In our study, AIP gene mutations (known to be pathogenic) were found in 2.3 % of our unselected acromegalic patients, in 1.9 % of subjects with apparently sporadic acromegaly, in 1 out of 5 familial cases, and in none of the 3 giants. The FIPA patient carried the AIP p.R304*, as the mother who harboured a PRL-secreting microadenoma [16]. Among the AIP mutation positive patients, 3 were found with the p.R304Q, but, interestingly, none of them were <40-year old at diagnosis, all of them were females, 2 had a macroadenoma and only one was resistant to SSA treatment. In this regard, it’s worth to be mentioned that in the ExAC database the frequency of the p.R304Q variant is 0.14 % including 2 homozygous subjects. Moreover, there are conflicting evidences from in silico analyses on the pathogenicity of the p.R304Q mutation, since according to PolyPhen-2 prediction tool this variant would not have a deleterious effect on AIP, whereas according to SIFT prediction tool the mutation would be damaging. The prevalence of AIP mutations was 3.3 and 2.8 % if considering only the patients diagnosed when they were <30 or <40-year old, respectively. Furthermore, 2.0 % of the patients with macroadenoma and 4.2 % of patients resistant to SSA treatment were found to harbour an AIP gene mutation. All the AIP gene variants found in our cohort of patients were previously described [20, 21].

Previous studies showed that in non-familial acromegaly, germline AIP mutations can be found especially but not exclusively in young patients with large aggressive somatotropinomas resistant to SSA treatment. Indeed, the reported prevalence of AIP gene mutations in sporadic acromegaly ranges from 0 to 4.1 % in unselected population of patients [2227]. Schofl et al. found 5.5 % of acromegaly patients diagnosed at <30 years of age with AIP gene variants, but more FIPA patients were included in their cohort as compared to our study, and the prevalence of AIP mutation positive patients among their sporadic cases was actually 2.3 % [28]. Tichomirowa et al. found AIP mutations in 13.3 % of 83 young patients (<30 years of age at diagnosis) with a GH-secreting macroadenoma [7]. In our unselected population of patients, only 30 cases were diagnosed when they were <30 years old and 56.6 % of them harboured a macroadenoma, thus partially explaining the lower prevalence of AIP mutations (5.9 %), we found in this subgroup of our patients. Furthermore, AIP gene variants have been found in up to 8 % of sporadic acromegaly patients diagnosed before 40 years of age, but only 4.2 % carried a mutation known to be pathogenic [29]. When considering only sporadic acromegalics resistant to conventional treatments, a previous study found an AIP gene variants prevalence of 8 %, but only 4 % carried a mutation, similarly to what we found [6]. Among sporadic somatotropinomas, the highest prevalence of AIP mutations has been found in paediatric cases (in up to 42.8 %) [24], but in our study only 3 giants were enrolled (2 out of them were females) and tested negative for AIP variants.

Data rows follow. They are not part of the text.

(* Let $0<\alpha<n$ and $b$ be locally integrable on $\mathbb{Q}_p^n$. If for some $q(\cdot)\in\mathscr{B}(\mathbb{Q}_p^n)$ there is $C>0$ with $$\sup_{\gamma\in\mathbb{Z},x\in\mathbb{Q}_p^n}\frac{\big\|\big(b-|B_\gamma(x)|_h^{-\alpha/n}\mathcal{M}^p_{\alpha,B_\gamma(x)}(b)\big)\chi_{B_\gamma(x)}\big\|_{L^{q(\cdot)}(\mathbb{Q}_p^n)}}{\|\chi_{B_\gamma(x)}\|_{L^{q(\cdot)}(\mathbb{Q}_p^n)}}\le C,$$ then $b\in\mathrm{BMO}(\mathbb{Q}_p^n)$.
   Context: Fix a prime $p$; $\mathbb{Q}_p^n$ with $|x|_p=\max_j|x_j|_p$; balls $B_\gamma(x)=\{y:|y-x|_p\le p^\gamma\}$; Haar measure with $|B_\gamma(x)|_h=p^{n\gamma}$; $\chi_E$ indicator; $f_B=|B|_h^{-1}\int_Bf$. For a fixed ball $B_*$ and $x\in B_*$, $\mathcal{M}^p_{\alpha,B_*}(f)(x)=\sup\{|B_\gamma(x)|_h^{\alpha/n-1}\int_{B_\gamma(x)}|f|:\gamma\in\mathbb{Z},B_\gamma(x)\subset B_*\}$. $\mathrm{BMO}$: locally integrable $b$ with $\sup_{\gamma,x}|B_\gamma(x)|_h^{-1}\int_{B_\gamma(x)}|b-b_{B_\gamma(x)}|<\infty$. $\mathscr{P}(\mathbb{Q}_p^n)$: measurable $q:\mathbb{Q}_p^n\to(1,\infty)$ with $1<\operatorname{ess\,inf}q\le\operatorname{ess\,sup}q<\infty$. $L^{q(\cdot)}$ is normed by $\|f\|_{L^{q(\cdot)}}=\inf\{\eta>0:\int(|f(x)|/\eta)^{q(x)}dx\le1\}$. $\mathscr{B}(\mathbb{Q}_p^n)$ is the set of $q(\cdot)\in\mathscr{P}(\mathbb{Q}_p^n)$ such that the Hardy–Littlewood maximal operator $\mathcal{M}^p(f)(x)=\sup_{\gamma}|B_\gamma(x)|_h^{-1}\int_{B_\gamma(x)}|f|$ is bounded on $L^{q(\cdot)}(\mathbb{Q}_p^n)$. *)

From HB Require Import structures.
From mathcomp Require Import all_boot all_order all_algebra.
From mathcomp Require Import all_classical all_reals all_analysis.
From mathcomp Require Import measurable_realfun.
Set Implicit Arguments. Unset Strict Implicit. Unset Printing Implicit Defensive.
Import Order.TTheory GRing.Theory Num.Theory.
Local Open Scope classical_set_scope.
Local Open Scope ring_scope.

(* The p-adic numbers Q_p, represented by their (unique) canonical p-adic  *)
(* expansion  x = sum_{k in Z} a_k p^k  with digits a_k in {0,...,p-1} and *)
(* a_k = 0 for all sufficiently negative k.                               *)
Definition Qp (p : nat) : Type :=
  {a : int -> nat | (forall k, (a k <= p.-1)%N) /\
                    exists N : int, forall k, k < N -> a k = 0%N}.

Definition Qp_digit (p : nat) (x : Qp p) : int -> nat := proj1_sig x.

Lemma Qp_zero_proof (p : nat) :
  (forall k : int, ((fun _ : int => 0%N) k <= p.-1)%N) /\
  exists N : int, forall k, k < N -> (fun _ : int => 0%N) k = 0%N.
Proof. by split=> //; exists 0. Qed.

Definition Qp_zero (p : nat) : Qp p := exist _ (fun _ => 0%N) (Qp_zero_proof p).

HB.instance Definition _ (p : nat) := gen_eqMixin (Qp p).
HB.instance Definition _ (p : nat) := gen_choiceMixin (Qp p).
HB.instance Definition _ (p : nat) := isPointed.Build (Qp p) (Qp_zero p).

Definition Qpn (p n : nat) : Type := 'I_n -> Qp p.

(* The ball B_gamma(x) = {y : |y - x|_p <= p^gamma}, |.|_p the max-norm.  *)
(* For the p-adic norm one has |y_j - x_j|_p <= p^gamma iff the p-adic    *)
(* expansions of x_j and y_j agree at every index k < -gamma.             *)
Definition ball_p (p n : nat) (g : int) (x : Qpn p n) : set (Qpn p n) :=
  [set y | forall (j : 'I_n) (k : int), k < - g ->
           Qp_digit (y j) k = Qp_digit (x j) k].

Definition balls_p (p n : nat) : set (set (Qpn p n)) :=
  [set B | exists g x, B = ball_p g x].

(* Q_p^n with its Borel sigma-algebra (generated by the balls). *)
Definition QpnM (p n : nat) := g_sigma_algebraType (@balls_p p n).

(* Haar measure of a ball: |B_gamma(x)|_h = p^(n gamma). *)
Definition vol_p {R : realType} (p n : nat) (g : int) : R :=
  (p%:R : R) ^ (n%:Z * g).

Section Defs.
Context {R : realType} (p n : nat).
Notation T := (QpnM p n).
Variable mu : {measure set T -> \bar R}.

Definition ballM (g : int) (x : T) : set T := ball_p (p:=p) (n:=n) g x.

(* locally integrable: integrable on every ball (balls are compact open and
   every compact set is covered by finitely many balls) *)
Definition loc_integrable (b : T -> R) : Prop :=
  forall g x, mu.-integrable (ballM g x) (EFin \o b).

Definition var_exponent (q : T -> R) : Prop :=
  measurable_fun setT q /\ (forall x, 1 < q x) /\
  exists qm qM : R, 1 < qm /\ {ae mu, forall x, qm <= q x <= qM}.

(* Luxemburg norm ||f||_{L^{q(.)}} (value +oo if no eta works) *)
Definition lq_norm (q : T -> R) (f : T -> \bar R) : \bar R :=
  ereal_inf [set (eta%:E)%E | eta in [set eta : R | 0 < eta /\
     (\int[mu]_x poweR (`|f x| * (eta^-1)%:E)%E (q x) <= 1)%E]].

Definition HLmax (f : T -> \bar R) (x : T) : \bar R :=
  ereal_sup [set ((vol_p (R:=R) p n g)^-1%:E *
                  \int[mu]_(y in ballM g x) `|f y|)%E | g in [set: int]].

Definition in_B (q : T -> R) : Prop :=
  var_exponent q /\
  exists C : R, 0 < C /\
    forall f : T -> R, measurable_fun [set: T] f ->
      (lq_norm q (EFin \o f) < +oo)%E ->
      (lq_norm q (HLmax (EFin \o f)) <= C%:E * lq_norm q (EFin \o f))%E.

Definition fracmax (alpha : R) (Bs : set T) (f : T -> R) (x : T) : \bar R :=
  ereal_sup [set ((powR (vol_p (R:=R) p n g) (alpha / n%:R - 1))%:E *
                  \int[mu]_(y in ballM g x) (`|f y|)%:E)%E
            | g in [set g : int | ballM g x `<=` Bs]].

Definition osc_fun (alpha : R) (b : T -> R) (g : int) (x : T) : T -> \bar R :=
  fun y => if `[< ballM g x y >] then
      ((b y)%:E - (powR (vol_p (R:=R) p n g) (- (alpha / n%:R)))%:E
                    * fracmax alpha (ballM g x) b y)%E
    else 0%E.

Definition indic_ball (g : int) (x : T) : T -> \bar R :=
  fun y => (\1_(ballM g x) y)%:E.

Definition ball_avg (b : T -> R) (g : int) (x : T) : R :=
  (vol_p (R:=R) p n g)^-1 * fine (\int[mu]_(y in ballM g x) (b y)%:E).

Definition in_BMO (b : T -> R) : Prop :=
  loc_integrable b /\
  exists K : R, forall (g : int) (x : T),
    ((vol_p (R:=R) p n g)^-1%:E *
      \int[mu]_(y in ballM g x) (`|b y - ball_avg b g x|)%:E <= K%:E)%E.

End Defs.

(* For y in a ball B the ball B itself is admissible in M_{alpha,B}(b)(y), so
   |B|^(-alpha/n) M_{alpha,B}(b)(y) >= |B|^-1 \int_B |b| >= b_B; hence the
   negative part (b - b_B)^- is dominated on B by the oscillation function.
   As b - b_B has mean zero on B, \int_B |b - b_B| = 2 \int_B (b - b_B)^-.
   Finally, for h supported in B, (avg_B h) chi_B <= M(h) pointwise, so the
   boundedness of M on L^q(.) gives (avg_B h) ||chi_B|| <= C_M ||h||
   <= C_M C ||chi_B||, i.e. avg_B |b - b_B| <= 2 C_M C. *)

From HB Require Import structures.
From mathcomp Require Import all_boot all_order all_algebra.
From mathcomp Require Import all_classical all_reals all_analysis.
From mathcomp Require Import measurable_realfun.
Import Order.TTheory GRing.Theory Num.Theory.
Local Open Scope classical_set_scope.
Local Open Scope ring_scope.

Section balls.
Context {R : realType} {p n : nat}.
Notation T := (QpnM p n).

Lemma ballM_recenter {g : int} {x y : T} : ballM g x y -> ballM g y = ballM g x.
Proof. by move=> xy; apply/seteqP; split=> z /= xz j k kg; rewrite xz // xy. Qed.

Lemma measurable_ballM (g : int) (x : T) : measurable (ballM g x).
Proof. by apply: sub_sigma_algebra; exists g, x. Qed.

Lemma vol_p_gt0 (g : int) : (0 < p)%N -> 0 < vol_p (R:=R) p n g.
Proof. by move=> p0; rewrite /vol_p exprz_gt0 // ltr0n. Qed.

End balls.

Local Open Scope ereal_scope.

Section nonneg_integral.
Context {d : measure_display} {T : measurableType d} {R : realType}.
Variable mu : {measure set T -> \bar R}.

Lemma ge0_le_integral_nonmeasurable (D : set T) (f g : T -> \bar R) :
  (forall x, D x -> 0 <= f x) -> (forall x, D x -> f x <= g x) ->
  \int[mu]_(x in D) f x <= \int[mu]_(x in D) g x.
Proof.
move=> f0 fg; have g0 x (Dx : D x) := le_trans (f0 x Dx) (fg x Dx).
rewrite (ge0_integralE _ f0) (ge0_integralE _ g0).
apply: ereal_sup_le => _ [h hf <-]; exists h => //= x.
apply: (le_trans (hf x)); rewrite /patch; case: ifP => // /set_mem; exact: fg.
Qed.

Lemma integral_abse_mean0 (D : set T) (F : T -> \bar R) : measurable D ->
  mu.-integrable D F -> \int[mu]_(x in D) F x = 0 ->
  \int[mu]_(x in D) `|F x| = \int[mu]_(x in D) F^\- x + \int[mu]_(x in D) F^\- x.
Proof.
move=> mD iF F0; have mF : measurable_fun D F by case/integrableP: iF.
have Nfin : \int[mu]_(x in D) F^\- x \is a fin_num.
  rewrite ge0_fin_numE ?integral_funeneg_lt_pinfty //.
  by apply: integral_ge0 => x _; exact: funeneg_ge0.
have PN : \int[mu]_(x in D) F^\+ x = \int[mu]_(x in D) F^\- x.
  by rewrite -[LHS](subeK _ Nfin) -integralE F0 add0e.
rewrite -[X in X + _]PN -ge0_integralD //; last 2 first.
- exact: measurable_funepos.
- exact: measurable_funeneg.
by apply: eq_integral => x _; rewrite -/((abse \o F) x) fune_abse.
Qed.

End nonneg_integral.

Section lq_norm.
Context {R : realType} {p n : nat}.
Notation T := (QpnM p n).
Variables (mu : {measure set T -> \bar R}) (q : T -> R).
Hypothesis q_ge1 : forall x, (1 <= q x)%R.

Let invEFin_ge0 (eta : R) : (0 < eta)%R -> 0 <= eta^-1%:E.
Proof. by move=> eta0; rewrite lee_fin invr_ge0 ltW. Qed.

Lemma lq_norm_ge0 (f : T -> \bar R) : 0 <= lq_norm mu q f.
Proof. by apply: le_ereal_inf_tmp => _ [eta [eta0 _] <-]; rewrite lee_fin ltW. Qed.

Lemma le_lq_norm (f g : T -> \bar R) : (forall x, `|f x| <= `|g x|) ->
  lq_norm mu q f <= lq_norm mu q g.
Proof.
move=> fg; apply: ereal_inf_le_tmp => _ [eta [eta0 geta] <-]; exists eta => //.
split=> //; apply: le_trans geta; apply: ge0_le_integral_nonmeasurable => y _.
  by rewrite poweR_ge0 // mule_ge0 // invEFin_ge0.
apply: gt0_ler_poweR; first by rewrite (le_trans ler01).
- by rewrite in_itv /= leey mule_ge0 // invEFin_ge0.
- by rewrite in_itv /= leey mule_ge0 // invEFin_ge0.
by rewrite lee_wpmul2r // invEFin_ge0.
Qed.

Lemma lq_normZ_ge (c : R) (f : T -> \bar R) : (0 < c)%R ->
  c%:E * lq_norm mu q f <= lq_norm mu q (fun y => c%:E * f y).
Proof.
move=> c0; apply: le_ereal_inf_tmp => _ [eta [eta0 geta] <-].
have : lq_norm mu q f <= (eta / c)%:E.
  apply: ereal_inf_lbound; exists (eta / c)%R; last by [].
  split; first by rewrite divr_gt0.
  apply: le_trans geta; rewrite le_eqVlt; apply/orP; left; apply/eqP.
  apply: eq_integral => y _; congr poweR.
  rewrite abseM (@gee0_abs _ c%:E) ?lee_fin ?ltW // [c%:E * _]muleC -muleA.
  by rewrite -EFinM invf_div mulrC.
move/(lee_wpmul2l (x := c%:E)); rewrite lee_fin ltW // => /(_ isT).
by rewrite -EFinM mulrC divfK // gt_eqF.
Qed.

Section lq_norm_indic_ball.
Hypothesis hmu : forall g x, mu (ballM g x) = (vol_p (R:=R) p n g)%:E.
Hypothesis p_gt0 : (0 < p)%N.
Local Notation V g := (vol_p (R:=R) p n g).
Local Notation N g x := (lq_norm mu q (indic_ball (p:=p) (n:=n) g x)).

Let integral_indic_ballZ g x (e : R) : (0 <= e)%R ->
  \int[mu]_y ((e * \1_(ballM g x) y)%:E) = (e * V g)%:E.
Proof.
move=> e0; under eq_integral do rewrite EFinM.
rewrite ge0_integralZl_EFin //; last first.
  by apply/measurable_EFinP/measurable_indic; exact: measurable_ballM.
by rewrite integral_indic ?setIT ?hmu //; exact: measurable_ballM.
Qed.

Let indic_ball_powE g x y (eta : R) : (0 < eta)%R ->
  poweR (`|indic_ball g x y| * eta^-1%:E) (q y) =
  ((\1_(ballM g x) y : R) * eta^-1 `^ q y)%:E.
Proof.
move=> eta0; rewrite /indic_ball indicE gee0_abs ?lee_fin //.
case: (y \in _); rewrite ?mul1e ?mul0e ?mul1r ?mul0r poweR_EFin //.
by rewrite powR0 // gt_eqF // (lt_le_trans ltr01).
Qed.

Lemma lq_norm_indic_ball_le g x : N g x <= (Num.max 1%R (V g))%:E.
Proof.
set eta := Num.max 1%R (V g).
have eta1 : (1 <= eta)%R by rewrite le_max lexx.
have eta0 : (0 < eta)%R by rewrite (lt_le_trans ltr01).
apply: ereal_inf_lbound; exists eta => //; split => //.
apply: (@le_trans _ _ (\int[mu]_y ((eta^-1 * \1_(ballM g x) y : R)%:E))).
  apply: ge0_le_integral_nonmeasurable => y _; rewrite indic_ball_powE //.
    by rewrite lee_fin mulr_ge0 ?powR_ge0.
  rewrite lee_fin mulrC ler_wpM2r //.
  by rewrite ge1r_powR ?invr_gt0 ?invf_le1 ?eta0.
rewrite integral_indic_ballZ ?invr_ge0 ?(ltW eta0) // lee_fin.
by rewrite ler_pdivrMl // mulr1 le_max lexx orbT.
Qed.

The limitations of the present study are that (i) we did not search for the very rare big deletions of the AIP gene [30]; (ii) we did not screen the whole GPR101 gene, although the p.E308D variant is that one predominantly found in the two previous studies as well as the one thought to be pathogenic on the basis of functional studies; and (iii) we did not search for GPR101 p.E308D variant in somatic DNA from patients pituitary tumours, so the results of the present study should be compared to the findings of Kamenicky et al. and the germline prevalence data reported by Trivellin et al. [10, 11].

In conclusion, in our cohort of patients with acromegaly, the prevalence of AIP gene mutations among the sporadic and familial cases was similar to that one reported in previous studies but was slightly lower when considering only the cases diagnosed before 40 years of age. Differently from previous reports, we did not find any germline GPR101 p.E308D mutation in sporadic as well as in the few cases of familial acromegaly. Therefore, limited to our findings, the germline GPR101 p.E308D variant is unlikely to have a role in somatotroph tumorigenesis.